Lemma tensR_mul_inv :
  exists2 del : N -> tensR mul an,
    rmod_morph an (@tensR_act R mul N an) del & cancel del (@tensR_mul R mul N an).
Proof.
have [dec decP] := choice HNt.1.
pose del n := tens_of an mul (dec n).
have delK : cancel del (@tensR_mul R mul N an) by move=> n; rewrite tensR_mul_of // -decP.
exists del => //; split=> [x y | x r]; apply: tensR_mul_inj.
  by rewrite (tensR_mulD HN) !delK.
by rewrite tensR_mul_act // !delK.
Qed.

End TUnitalModule.

Section TensorRKernel.
Variables (K N1 N2 : zmodType) (aK : K -> R -> K) (a1 : N1 -> R -> N1)
  (a2 : N2 -> R -> N2) (k : K -> N1) (f : N1 -> N2).
Hypotheses (HK : rmod_axioms mul aK) (H1 : rmod_axioms mul a1)
  (H2 : rmod_axioms mul a2).
Hypotheses (Hk : rmod_morph aK a1 k) (Hf : rmod_morph a1 a2 f).
Hypotheses (k_inj : injective k) (ker_im : forall y, f y = 0 <-> exists x, y = k x).

Lemma tmap_tkernel :
  is_tkernel_r mul (@tensR_act R mul K aK) (@tensR_act R mul N1 a1)
    (tmap a1 k) (tmap a2 f).
Proof.
split.
  apply: tensor_ext; first exact: addmorph_comp (tmapD Hk) (tmapD Hf).
    by move=> *; rewrite addr0.
  move=> n m; rewrite !tmap_tens //.
  have /ker_im fkn0 : exists x, k n = k x by exists n.
  by rewrite fkn0 tens0l.
move=> L aL g HL HLt Hg fg0.
have [g' kg'] : {g' : L -> K & forall l, tensR_mul (g l) = k (g' l)}.
  apply: (@choice _ _ (fun l x => tensR_mul (g l) = k x)) => l; apply/ker_im.
  by rewrite -(tensR_mul_tmap Hf H1 H2) fg0 (addmorph0 (tensR_mulD H2)).
have Hg' : rmod_morph aL aK g'.
  split=> [x y | x r]; apply: k_inj.
    by rewrite Hk.1 -!kg' Hg.1 (tensR_mulD H1).
  by rewrite Hk.2 -!kg' Hg.2 tensR_mul_act.
have [del Hdel delK] := tensR_mul_inv HL HLt.
(* The factorization is [g' (x)_R R] after a section of the counit of [L]. *)
exists (fun l => tmap aK g' (del l)); split.
- exact: rmod_morph_comp Hdel (tmap_morph HR Hg').
- move=> l; rewrite (tmap_comp Hg' Hk (tensR_mul_comp_morph HR H1 Hg)) => [|x]; last by rewrite kg'.
  by rewrite tmap_tensR_mul_comp // delK.
- move=> h' Hh' kh' l.
  have h'g' x : tensR_mul (h' x) = g' x.
    by apply: k_inj; rewrite -(tensR_mul_tmap Hk HK H1) kh' kg'.
  rewrite -{1}(delK l) -(tmap_tensR_mul_comp HR HL HK Hh').
  by congr tmap; apply: funext.
Qed.

End TensorRKernel.

End TUnital.

Section Unitization.
Variables (R : zmodType) (mul : R -> R -> R).

Lemma unitz_addE (x y : unitz R) : x + y = (x.1 + y.1, x.2 + y.2).
Proof. by []. Qed.

Lemma unitz_ractE (N : zmodType) (an : N -> R -> N) n z r :
  rt_ract an n (z, r) = n *~ z + an n r.
Proof. by []. Qed.

Section UnitzModule.
Variables (N : zmodType) (an : N -> R -> N).
Hypothesis HN : rmod_axioms mul an.

Lemma unitz_ract_rmod : rmod_axioms (rt_mul mul) (rt_ract an).
Proof.
have [anA anDl anDr] := HN.
split=> [n [z1 r1] [z2 r2] | n1 n2 [z r] | n [z1 r1] [z2 r2]]; rewrite /rt_ract /=.
- rewrite !anDr !(addmorphMz (anDr n)) anDl (addmorphMz (fun x y => anDl x y r2)).
  rewrite anA mulrzDl mulrzA -!addrA; congr (_ + _).
  by rewrite [in RHS]addrC -!addrA; congr (_ + _); rewrite addrC.
- by rewrite mulrzDl anDl addrACA.
- by rewrite mulrzDr anDr addrACA.
Qed.

Lemma unitz_ract1 n : rt_ract an n (rt_one R) = n.
Proof. by rewrite /rt_ract mulr1z (addmorph0 (rmod_actDr HN n)) addr0. Qed.

End UnitzModule.

Lemma unitz_ract_morph (N1 N2 : zmodType) (a1 : N1 -> R -> N1) (a2 : N2 -> R -> N2)
    (g : N1 -> N2) :
  rmod_morph a1 a2 g -> rmod_morph (rt_ract a1) (rt_ract a2) g.
Proof.
case=> gD gA; split=> // x r.
by rewrite /rt_ract gD gA (addmorphMz gD).
Qed.

Definition unitz_res (N : zmodType) (a : N -> unitz R -> N) (n : N) (r : R) : N :=
  a n (0, r).

Section Restriction.
Variables (N : zmodType) (a : N -> unitz R -> N).
Hypothesis Ha : rmod_axioms (rt_mul mul) a.

Lemma unitz_res_rmod : rmod_axioms mul (unitz_res a).
Proof.
have [aA aDl aDr] := Ha.
split=> [n r s | n1 n2 r | n r1 r2]; rewrite /unitz_res ?aDl //.
- by rewrite -aA /rt_mul /= mulr0 !mulr0z !add0r.
- by rewrite -aDr unitz_addE /= addr0.
Qed.

Hypothesis Ha1 : forall n, a n (rt_one R) = n.

Lemma unitz_resE n z r : a n (z, r) = n *~ z + unitz_res a n r.
Proof.
have [_ _ aDr] := Ha.
have -> : (z, r) = (z, 0) + (0, r) :> unitz R by rewrite unitz_addE /= addr0 add0r.
rewrite aDr; congr (_ + _).
have aD : {morph (fun z => a n (z, 0)) : x y / x + y}.
  by move=> x y; rewrite -aDr unitz_addE /= addr0.
by rewrite -[z in LHS]intz (addmorphMz aD) Ha1.
Qed.

End Restriction.

Lemma unitz_res_morph (N1 N2 : zmodType) (a1 : N1 -> unitz R -> N1)
    (a2 : N2 -> unitz R -> N2) (g : N1 -> N2) :
  rmod_morph a1 a2 g -> rmod_morph (unitz_res a1) (unitz_res a2) g.
Proof. by case=> gD gA; split=> // x r; rewrite /unitz_res gA. Qed.

(** Over the unitization, [(z, r)] acts as [z + r]; since [z] is an integer it
    moves freely across [(x)], so the two tensor products have the same
    relations. *)
Lemma tens_eq_unitz (N : zmodType) (an : N -> R -> N) (a : N -> unitz R -> N)
    (F : zmodType) (aF : R -> F -> F) :
  (forall n z r, a n (z, r) = n *~ z + an n r) ->
  tens_eq a (rt_lact aF) = tens_eq an aF.
Proof.
move=> aE; apply/funext => s; apply/funext => t; apply/propext.
split=> st; apply/tens_of_inj; rewrite !tens_of_sum.
- apply: (te_balanced_sum _ st); split=> [n1 n2 m|n m1 m2|n [z r] m].
  + exact: tensDl.
  + exact: tensDr.
  + by rewrite aE tensDl tensMz tens_bal /rt_lact /= tensDr.
- apply: (te_balanced_sum _ st); split=> [n1 n2 m|n m1 m2|n r m].
  + exact: tensDl.
  + exact: tensDr.
  + have -> : an n r = a n (0, r) by rewrite aE mulr0z add0r.
    by rewrite tens_bal /rt_lact /= mulr0z add0r.
Qed.

End Unitization.

Definition is_kernel (A B C : zmodType) (u : A -> B) (v : B -> C) :=
  [/\ forall x, v (u x) = 0, forall x, u x = 0 -> x = 0 &
      forall y, v y = 0 -> exists x, u x = y].

Lemma addmorph_inj0 (U V : zmodType) (g : U -> V) :
  {morph g : x y / x + y} -> injective g -> forall x, g x = 0 -> x = 0.
Proof. by move=> gD g_inj x; rewrite -(addmorph0 gD) => /g_inj. Qed.

Lemma is_kernel_transport (A B C A' B' C' : zmodType) (u : A -> B) (v : B -> C)
    (u' : A' -> B') (v' : B' -> C') (alpha : A' -> A) (beta : B' -> B)
    (gamma : C' -> C) :
  {morph alpha : x y / x + y} -> {morph beta : x y / x + y} ->
  {morph gamma : x y / x + y} ->
  bijective alpha -> injective beta -> injective gamma ->
  (forall x, u (alpha x) = beta (u' x)) -> (forall y, v (beta y) = gamma (v' y)) ->
  is_kernel u v -> is_kernel u' v'.
Proof.
move=> alphaD betaD gammaD [alpha' alphaK alphaK'] beta_inj gamma_inj uu' vv'.
move=> [vu0 u_inj0 kerv]; split.
- by move=> x; apply: (addmorph_inj0 gammaD gamma_inj); rewrite -vv' -uu' vu0.
- move=> x u'x0; apply: (addmorph_inj0 alphaD (can_inj alphaK)); apply: u_inj0.
  by rewrite uu' u'x0 (addmorph0 betaD).
- move=> y v'y0; have /kerv [x ux] : v (beta y) = 0.
    by rewrite vv' v'y0 (addmorph0 gammaD).
  by exists (alpha' x); apply: beta_inj; rewrite -uu' alphaK' ux.
Qed.

Definition tens_exact_l (R : zmodType) (K N1 N2 M : zmodType) (aK : K -> R -> K)
    (a1 : N1 -> R -> N1) (a2 : N2 -> R -> N2) (am : R -> M -> M)
    (k : K -> N1) (f : N1 -> N2) :=
  [/\ forall t, tens_eq a2 am (tmapl f (tmapl k t)) [::],
      forall t, tens_eq a1 am (tmapl k t) [::] -> tens_eq aK am t [::] &
      forall s, tens_eq a2 am (tmapl f s) [::] ->
        exists t, tens_eq a1 am (tmapl k t) s].

Lemma tens_exact_lE (R : zmodType) (K N1 N2 M : zmodType) (aK : K -> R -> K)
    (a1 : N1 -> R -> N1) (a2 : N2 -> R -> N2) (am : R -> M -> M)
    (k : K -> N1) (f : N1 -> N2) :
  rmod_morph aK a1 k -> rmod_morph a1 a2 f ->
  tens_exact_l aK a1 a2 am k f <->
  is_kernel (tmap a1 k : tensor aK am -> _) (tmap a2 f).
Proof.
move=> Hk Hf; have mapk := tmap_of am Hk; have mapf := tmap_of am Hf.
split=> -[fk0 k_inj kerv]; split.
- by move=> q; rewrite -[q]tens_ofK mapk mapf; apply/tens_of_eq0.
- by move=> q; rewrite -[q]tens_ofK mapk => /tens_of_eq0/k_inj/tens_of_eq0.
- move=> q; rewrite -[q]tens_ofK mapf => /tens_of_eq0/kerv [t /tens_of_eq st].
  by exists (tens_of aK am t); rewrite mapk.
- by move=> t; apply/tens_of_eq0; rewrite -mapf -mapk.
- by move=> t /tens_of_eq0; rewrite -mapk => /k_inj/tens_of_eq0.
- move=> s /tens_of_eq0; rewrite -mapf => /kerv [q kq]; exists (val q).
  by apply/tens_of_inj; rewrite -mapk tens_ofK.
Qed.

(** Membership is stated without using additivity of [f], so that the
    [zmodType] instance of [kerf f] depends on [f] alone; for additive [f] it
    means [f y = 0] (lemma [ker_predE]). *)
Section KernelSubgroup.
Variables (N1 N2 : zmodType) (f : N1 -> N2).

Definition ker_pred : {pred N1} := fun y => `[< forall z, f (y + z) = f z >].

Fact ker_zmod_closed : zmod_closed ker_pred.
Proof.
split=> [|y1 y2]; rewrite /ker_pred /in_mem /=.
  by apply/asboolP => z; rewrite add0r.
move=> /asboolP fy1 /asboolP fy2; apply/asboolP => z.
by rewrite -addrA fy1 -(fy2 (- y2 + z)) addrA subrr add0r.
Qed.

HB.instance Definition _ := GRing.isZmodClosed.Build N1 ker_pred ker_zmod_closed.

Inductive kerf : predArgType := KerElt y of y \in ker_pred.
Definition ker_val (w : kerf) : N1 := let: KerElt y _ := w in y.
HB.instance Definition _ := [isSub of kerf for ker_val].
HB.instance Definition _ := [Choice of kerf by <:].
HB.instance Definition _ := [SubChoice_isSubZmodule of kerf by <:].

Hypothesis fD : {morph f : x y / x + y}.

Lemma ker_predE y : (y \in ker_pred) = (f y == 0).
Proof.
rewrite /ker_pred /in_mem /=.
apply/asboolP/eqP => [fy | fy0 z]; last by rewrite fD fy0 add0r.
by rewrite -[y]addr0 fy (addmorph0 fD).
Qed.

Lemma ker_valP y : f y = 0 <-> exists w : kerf, y = val w.
Proof.
split=> [/eqP | [w ->]]; last by apply/eqP; rewrite -ker_predE; apply: valP.
by rewrite -ker_predE => fy; exists (Sub y fy); rewrite SubK.
Qed.

End KernelSubgroup.

Section KernelSubmodule.
Variables (S : zmodType) (smul : S -> S -> S).
Variables (N1 N2 : zmodType) (a1 : N1 -> S -> N1) (a2 : N2 -> S -> N2) (f : N1 -> N2).
Hypotheses (H1 : rmod_axioms smul a1) (H2 : rmod_axioms smul a2).
Hypothesis Hf : rmod_morph a1 a2 f.

Definition ker_act (w : kerf f) (r : S) : kerf f := insubd w (a1 (val w) r).

Lemma ker_act_val w r : val (ker_act w r) = a1 (val w) r.
Proof.
apply: insubdK; rewrite (ker_predE Hf.1) Hf.2.
have := valP w; rewrite (ker_predE Hf.1) => /eqP ->.
by rewrite (addmorph0 (rmod_actDl H2 r)).
Qed.

Lemma ker_act_rmod : rmod_axioms smul ker_act.
Proof.
have [a1A a1Dl a1Dr] := H1.
by split=> *; apply: val_inj; rewrite /= !ker_act_val ?a1A ?a1Dl ?a1Dr.
Qed.

Lemma ker_act_unital (one : S) :
  (forall y, a1 y one = y) -> forall w, ker_act w one = w.
Proof. by move=> a1one w; apply: val_inj; rewrite ker_act_val. Qed.

Lemma ker_val_morph : rmod_morph ker_act a1 val.
Proof. by split=> // w r; rewrite ker_act_val. Qed.

End KernelSubmodule.

Section TensorTUnital.
Variables (R : zmodType) (mul : R -> R -> R).
Hypotheses (HR : nuring_axioms mul) (HRt : tunital_ring mul).
Variables (F : zmodType) (aF : R -> F -> F).
Hypotheses (HF : lmod_axioms mul aF) (HFt : tunital_lmod mul aF).

Lemma tens_unassoc_tmap (N1 N2 : zmodType) (a1 : N1 -> R -> N1) (a2 : N2 -> R -> N2)
    (g : N1 -> N2) :
  rmod_morph a1 a2 g -> forall z : tensor a1 aF,
  tens_unassoc HFt (tmap a2 g z) =
    tmap (@tensR_act R mul N2 a2) (tmap a2 g) (tens_unassoc HFt z).
Proof.
move=> Hg z; apply: (can_inj (tens_assocK HR HF HFt)).
by rewrite tens_unassocK // tens_assoc_tmap // tens_unassocK.
Qed.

**Work instructions**
Please return every line of the records above that contains the word "alphaD".

**Written answer**
move=> alphaD betaD gammaD [alpha' alphaK alphaK'] beta_inj gamma_inj uu' vv'.
- move=> x u'x0; apply: (addmorph_inj0 alphaD (can_inj alphaK)); apply: u_inj0.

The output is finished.